## PROBLEM TO WORK ON
Give back every record below precisely as written.

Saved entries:
Lemma graph_extension_dominated x r : graph_extension (x, r) -> r <= `|x|.
Proof.
have [_ _ dm] := subG.
move=> [x1 [r1 [t [G1 [-> ->]]]]].
have [->|t0] := eqVneq t 0; first by rewrite scale0r mul0r !addr0; exact: dm G1.
have [tp|tn] := ltrP 0 t.
  have E : x1 + t *: x0 = t *: (t^-1 *: x1 + x0).
    by rewrite scalerDr scalerA mulfV ?gt_eqF // scale1r.
  have := c_lb (subnorm_graph_scale t^-1 G1).
  rewrite E normrZ gtr0_norm // -(ler_pM2l tp) mulrBr mulrA mulfV ?gt_eqF // mul1r.
  lra.
have up : 0 < - t by rewrite oppr_gt0 lt_neqAle t0.
have E : x1 + t *: x0 = (- t) *: ((- t)^-1 *: x1 - x0).
  by rewrite scalerDr scalerA mulfV ?gt_eqF // scale1r scalerN scaleNr opprK.
have := c_ub (subnorm_graph_scale (- t)^-1 G1).
rewrite E normrZ gtr0_norm // -(ler_pM2l up) mulrBr mulrA mulfV ?gt_eqF // mul1r.
lra.
Qed.

Lemma subnorm_graph_extension : subnorm_graph graph_extension.
Proof.
have [cl _ _] := subG; split.
- move=> a x r y s [x1 [r1 [t1 [G1 [-> ->]]]]] [x2 [r2 [t2 [G2 [-> ->]]]]].
  exists (a *: x1 + x2), (a * r1 + r2), (a * t1 + t2); split; first exact: cl.
  congr pair; last by ring.
  by rewrite scalerDr scalerA addrACA -scalerDl.
- exact: graph_extension_functional.
- exact: graph_extension_dominated.
Qed.

Lemma graph_extension_proper : G `<` graph_extension.
Proof.
split; first by move=> [x r] Gx; exists x, r, 0; rewrite scale0r mul0r !addr0.
move=> /(_ (x0, c)) sub; apply: (@x0_notin c); apply: sub.
by exists 0, 0, 1; rewrite scale1r mul1r !add0r.
Qed.

End Extension.

Lemma total_subnorm_graph_dual (G : set (X * R)) : subnorm_graph G ->
  (forall x, exists r, G (x, r)) ->
  exists g, [/\ dual_elt g, forall x, G (x, g x) & forall x, `|g x| <= `|x|].
Proof.
move=> [cl fn dm] /choice[g Gg].
have glin a x y : g (a *: x + y) = a * g x + g y.
  exact: fn _ _ _ (Gg _) (cl _ _ _ _ _ (Gg x) (Gg y)).
have g0 : g 0 = 0 by have := glin (-1) 0 0; rewrite scaler0 addr0 mulN1r addNr.
have gN x : g (- x) = - g x.
  by have := glin (-1) x 0; rewrite scaleN1r !addr0 g0 addr0 mulN1r.
have gle x : `|g x| <= `|x|.
  by rewrite ler_norml dm // andbT lerNl -gN -normrN dm.
exists g; split => //; split => // x.
apply/cvgrPdist_lt => e e0; apply/nbhs_normP; exists e => //= y /= hy.
have -> : g x - g y = g (x - y) by rewrite -[x]scale1r glin mul1r gN scale1r.
exact: le_lt_trans (gle _) hy.
Qed.

Lemma exists_norming_functional (v : X) : v != 0 ->
  exists xi, [/\ dual_elt xi, xi v = `|v| & forall x, `|xi x| <= `|x|].
Proof.
(* The anchoring condition is conditional because [Zorn_bigcup] also has to
   accept the union of the empty chain. *)
move=> v0; pose anchored G := subnorm_graph G /\ (G !=set0 -> G (v, `|v|)).
have [A [[subA ancA] Amax]] : exists A, anchored A /\ forall B, A `<` B -> ~ anchored B.
  apply: Zorn_bigcup => F FP tot; split.
    by apply: subnorm_graph_bigcup => // G /FP[].
  by move=> [z [G FG Gz]]; exists G => //; apply: (FP _ FG).2; exists z.
have Av : A (v, `|v|).
  apply: contrapT => nAv; apply: (Amax [set (t *: v, t * `|v|) | t in setT]).
    split; first by move=> z Az; exfalso; apply/nAv/ancA; exists z.
    by move=> /(_ (v, `|v|)) sub; apply/nAv/sub; exists 1; rewrite ?scale1r ?mul1r.
  by split; [exact: subnorm_graph_line | move=> _; exists 1; rewrite ?scale1r ?mul1r].
have A0 : A (0, 0).
  by have [cl _ _] := subA; have := cl (-1) _ _ _ _ Av Av; rewrite scaleN1r mulN1r !addNr.
have total x0 : exists r, A (x0, r).
  apply: contrapT => nA; have x0_notin r : ~ A (x0, r) by move=> Ar; apply: nA; exists r.
  have [c [c_ub c_lb]] := subnorm_graph_gap x0 subA A0.
  apply: (Amax (graph_extension A x0 c)); first exact: graph_extension_proper.
  split; first exact: subnorm_graph_extension.
  by move=> _; exists v, `|v|, 0; rewrite scale0r mul0r !addr0.
have [xi [dxi Axi xile]] := total_subnorm_graph_dual subA total.
by exists xi; split => //; have [_ fn _] := subA; exact: fn _ _ _ (Axi v) Av.
Qed.

End NormingFunctional.

Section Subgradients.
Variables (R : realType) (X : normedModType R).
Implicit Types (f : X -> \bar R) (xi eta : X -> R).

Lemma minimizer_finite f xbar : proper_fun f -> subdiff f xbar (fun _ => 0) ->
  exists b, f xbar = b%:E.
Proof.
move=> [fNy [y fy]] [_ /(_ y)]; rewrite /= !sube0.
case: (f xbar) (fNy xbar) => [b _ _| _ |//]; first by exists b.
by rewrite leye_eq => /eqP fyy; move: fy; rewrite fyy.
Qed.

## ANSWER TO THE PROBLEM
Lemma graph_extension_dominated x r : graph_extension (x, r) -> r <= `|x|.
Proof.
have [_ _ dm] := subG.
move=> [x1 [r1 [t [G1 [-> ->]]]]].
have [->|t0] := eqVneq t 0; first by rewrite scale0r mul0r !addr0; exact: dm G1.
have [tp|tn] := ltrP 0 t.
  have E : x1 + t *: x0 = t *: (t^-1 *: x1 + x0).
    by rewrite scalerDr scalerA mulfV ?gt_eqF // scale1r.
  have := c_lb (subnorm_graph_scale t^-1 G1).
  rewrite E normrZ gtr0_norm // -(ler_pM2l tp) mulrBr mulrA mulfV ?gt_eqF // mul1r.
  lra.
have up : 0 < - t by rewrite oppr_gt0 lt_neqAle t0.
have E : x1 + t *: x0 = (- t) *: ((- t)^-1 *: x1 - x0).
  by rewrite scalerDr scalerA mulfV ?gt_eqF // scale1r scalerN scaleNr opprK.
have := c_ub (subnorm_graph_scale (- t)^-1 G1).
rewrite E normrZ gtr0_norm // -(ler_pM2l up) mulrBr mulrA mulfV ?gt_eqF // mul1r.
lra.
Qed.

Lemma subnorm_graph_extension : subnorm_graph graph_extension.
Proof.
have [cl _ _] := subG; split.
- move=> a x r y s [x1 [r1 [t1 [G1 [-> ->]]]]] [x2 [r2 [t2 [G2 [-> ->]]]]].
  exists (a *: x1 + x2), (a * r1 + r2), (a * t1 + t2); split; first exact: cl.
  congr pair; last by ring.
  by rewrite scalerDr scalerA addrACA -scalerDl.
- exact: graph_extension_functional.
- exact: graph_extension_dominated.
Qed.

Lemma graph_extension_proper : G `<` graph_extension.
Proof.
split; first by move=> [x r] Gx; exists x, r, 0; rewrite scale0r mul0r !addr0.
move=> /(_ (x0, c)) sub; apply: (@x0_notin c); apply: sub.
by exists 0, 0, 1; rewrite scale1r mul1r !add0r.
Qed.

End Extension.

Lemma total_subnorm_graph_dual (G : set (X * R)) : subnorm_graph G ->
  (forall x, exists r, G (x, r)) ->
  exists g, [/\ dual_elt g, forall x, G (x, g x) & forall x, `|g x| <= `|x|].
Proof.
move=> [cl fn dm] /choice[g Gg].
have glin a x y : g (a *: x + y) = a * g x + g y.
  exact: fn _ _ _ (Gg _) (cl _ _ _ _ _ (Gg x) (Gg y)).
have g0 : g 0 = 0 by have := glin (-1) 0 0; rewrite scaler0 addr0 mulN1r addNr.
have gN x : g (- x) = - g x.
  by have := glin (-1) x 0; rewrite scaleN1r !addr0 g0 addr0 mulN1r.
have gle x : `|g x| <= `|x|.
  by rewrite ler_norml dm // andbT lerNl -gN -normrN dm.
exists g; split => //; split => // x.
apply/cvgrPdist_lt => e e0; apply/nbhs_normP; exists e => //= y /= hy.
have -> : g x - g y = g (x - y) by rewrite -[x]scale1r glin mul1r gN scale1r.
exact: le_lt_trans (gle _) hy.
Qed.

Lemma exists_norming_functional (v : X) : v != 0 ->
  exists xi, [/\ dual_elt xi, xi v = `|v| & forall x, `|xi x| <= `|x|].
Proof.
(* The anchoring condition is conditional because [Zorn_bigcup] also has to
   accept the union of the empty chain. *)
move=> v0; pose anchored G := subnorm_graph G /\ (G !=set0 -> G (v, `|v|)).
have [A [[subA ancA] Amax]] : exists A, anchored A /\ forall B, A `<` B -> ~ anchored B.
  apply: Zorn_bigcup => F FP tot; split.
    by apply: subnorm_graph_bigcup => // G /FP[].
  by move=> [z [G FG Gz]]; exists G => //; apply: (FP _ FG).2; exists z.
have Av : A (v, `|v|).
  apply: contrapT => nAv; apply: (Amax [set (t *: v, t * `|v|) | t in setT]).
    split; first by move=> z Az; exfalso; apply/nAv/ancA; exists z.
    by move=> /(_ (v, `|v|)) sub; apply/nAv/sub; exists 1; rewrite ?scale1r ?mul1r.
  by split; [exact: subnorm_graph_line | move=> _; exists 1; rewrite ?scale1r ?mul1r].
have A0 : A (0, 0).
  by have [cl _ _] := subA; have := cl (-1) _ _ _ _ Av Av; rewrite scaleN1r mulN1r !addNr.
have total x0 : exists r, A (x0, r).
  apply: contrapT => nA; have x0_notin r : ~ A (x0, r) by move=> Ar; apply: nA; exists r.
  have [c [c_ub c_lb]] := subnorm_graph_gap x0 subA A0.
  apply: (Amax (graph_extension A x0 c)); first exact: graph_extension_proper.
  split; first exact: subnorm_graph_extension.
  by move=> _; exists v, `|v|, 0; rewrite scale0r mul0r !addr0.
have [xi [dxi Axi xile]] := total_subnorm_graph_dual subA total.
by exists xi; split => //; have [_ fn _] := subA; exact: fn _ _ _ (Axi v) Av.
Qed.

End NormingFunctional.

Section Subgradients.
Variables (R : realType) (X : normedModType R).
Implicit Types (f : X -> \bar R) (xi eta : X -> R).

Lemma minimizer_finite f xbar : proper_fun f -> subdiff f xbar (fun _ => 0) ->
  exists b, f xbar = b%:E.
Proof.
move=> [fNy [y fy]] [_ /(_ y)]; rewrite /= !sube0.
case: (f xbar) (fNy xbar) => [b _ _| _ |//]; first by exists b.
by rewrite leye_eq => /eqP fyy; move: fy; rewrite fyy.
Qed.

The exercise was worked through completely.